* [Collected data entries]
End FiniteMeasure.

Lemma expR_Nsqr_le {R : realType} (a s x : R) :
  0 <= a -> 0 <= s <= x -> expR (- a * x ^+ 2) <= expR (- a * s ^+ 2).
Proof.
move=> a0 /andP[s0 sx]; rewrite ler_expR !mulNr lerN2 ler_wpM2l //.
by rewrite ler_sqr ?nnegrE // (le_trans s0).
Qed.

Lemma expR_Nsqr_le1 {R : realType} (a x : R) : 0 <= a -> expR (- a * x ^+ 2) <= 1.
Proof. by move=> a0; rewrite expR_le1 mulNr oppr_le0 mulr_ge0 ?sqr_ge0. Qed.

Section GaussianKernel.
Context {d : measure_display} {F : measurableType d} {R : realType}.
Variables (N : {measure set F -> \bar R}) (r : F -> R) (Rad : R).
Hypotheses (r_ge0 : forall y, 0 <= r y) (mr : measurable_fun setT r).
Hypothesis N_fin : (N setT < +oo)%E.

Definition gauss a y := expR (- a * r y ^+ 2).
Definition gauss_trunc a y := expR (- a * Num.min (r y) Rad ^+ 2).
Definition gauss_mass a := Rintegral N setT (gauss a).

Lemma measurable_gauss a : measurable_fun setT (gauss a).
Proof.
by apply: measurableT_comp => //; apply: measurable_funM => //; apply: measurable_funX.
Qed.

Lemma measurable_gauss_trunc a : measurable_fun setT (gauss_trunc a).
Proof.
apply: measurableT_comp => //; apply: measurable_funM => //; apply: measurable_funX.
exact: measurable_minr.
Qed.

Lemma gauss_near_far a δ y : 0 <= a -> 0 <= δ <= Rad ->
  (r y < δ /\ gauss_trunc a y = gauss a y) \/
  (gauss a y <= expR (- a * δ ^+ 2) /\ gauss_trunc a y <= expR (- a * δ ^+ 2)).
Proof.
move=> a0 /andP[δ0 δRad]; have [ry_lt|δ_le] := ltP (r y) δ.
  left; split => //; rewrite /gauss_trunc min_l //; exact: ltW (lt_le_trans ry_lt δRad).
by right; split; apply: expR_Nsqr_le; rewrite // δ0 // le_min δ_le.
Qed.
Lemma quad_char_nonsquare (D : F) :
  D != 0 -> (forall z : F, z ^+ 2 != D) -> phi D = -1.
Proof.
move=> D0 D_nonsq; have [g g_prim] := finField_prim_root_exists F.
have g0 := prim_root_card_neq0 g_prim.
have phi_g : phi g = -1.
  case: (quad_char_sign g0) => // phi_g; case: phi2 => _ [[a [a0 /eqP phi_a]] _].
  exfalso; apply: phi_a.
  by rewrite -(dlogK g_prim a0) (mult_charX quad_char_mult) // phi_g expr1n.
rewrite -(dlogK g_prim D0) (mult_charX quad_char_mult) // phi_g -signr_odd.
case: (boolP (odd (dlog g D))) => [_|/negbTE even_dlog]; first by rewrite expr1.
have half_dlog : ((dlog g D)./2 * 2)%N = dlog g D.
  by rewrite muln2 -[RHS]odd_double_half even_dlog.
by have := D_nonsq (g ^+ (dlog g D)./2); rewrite -exprM half_dlog dlogK ?eqxx.
Qed.

Lemma card_sqrt (D : F) : odd #|F| -> D != 0 ->
  (#|[set z : F | z ^+ 2 == D]|%:R : algC) = 1 + phi D.
Proof.
move=> oddF D0; have [w /eqP wD|D_nonsq] := pickP [pred w : F | w ^+ 2 == D]; last first.
  have -> : [set z : F | z ^+ 2 == D] = set0 by apply/setP => z; rewrite !inE [LHS]D_nonsq.
  by rewrite cards0 quad_char_nonsquare ?subrr // => z; rewrite [_ == _]D_nonsq.
have w0 : w != 0 by apply: contraNneq D0 => w0; rewrite -wD w0 expr0n.
have -> : [set z : F | z ^+ 2 == D] = [set w; - w].
  by apply/setP => z; rewrite !inE -wD eqf_sqr.
rewrite cards2 -wD quad_char_sqr //.
suff -> : w != - w by [].
by rewrite -addr_eq0 -mulr2n -mulr_natr mulf_neq0 ?odd_card_two_neq0.
Qed.

End QuadraticCharacter.

(* omega(-1)^m times the Jacobi sum J(omega^-m, phi). *)
Definition twisted_jacobi_sum (F : finFieldType) (omega phi : F -> algC) (m : nat) : algC :=
  \sum_(v : F | (v != 0) && (v != -1)) (omega v ^+ m)^-1 * phi (1 + v).

Lemma twisted_jacobi_sum0 (F : finFieldType) (omega phi : F -> algC) :
  order2_char phi -> twisted_jacobi_sum omega phi 0 = -1.
Proof.
move=> phi2; rewrite /twisted_jacobi_sum.
under eq_bigr do rewrite expr0 invr1 mul1r.
rewrite (reindex_inj (h := fun w => w - 1)) /=; last exact: addIr.
rewrite (eq_bigl (fun w => (w != 0) && (w != 1))) => [|w]; last first.
  by rewrite subr_eq0 subr_eq addNr andbC.
under eq_bigr do rewrite addrC subrK.
have := sum_quad_char phi2; rewrite (bigD1 1) ?oner_eq0 //= (mult_char1 (quad_char_mult phi2)).
move/eqP; rewrite addrC addr_eq0 => /eqP <-.
by apply: eq_bigl => w; rewrite andbC.
Qed.

Section GaussSum.

Variables (F : finFieldType) (p : nat) (zeta : algC).
Hypotheses (pF : p \in [pchar F]) (zeta_prim : p.-primitive_root zeta).

Local Notation psi x := (zeta ^+ trace_nat p x).

Lemma eq_psi (x y : F) : (psi x == psi y) = (abs_trace p x == abs_trace p y).
Proof. by rewrite (eq_prim_root_expr zeta_prim) -(natf_eq_mod pF) !(trace_natE pF). Qed.

Lemma psi0 : psi (0 : F) = 1.
Proof.
apply/eqP; rewrite -(expr0 zeta) (eq_prim_root_expr zeta_prim) -(natf_eq_mod pF).
by rewrite (trace_natE pF) (abs_trace0 pF).
Qed.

* [Task details] Go through the entries above and count each line that contains the string "Definition". Reply only with the total.

* [Solution for this problem] 4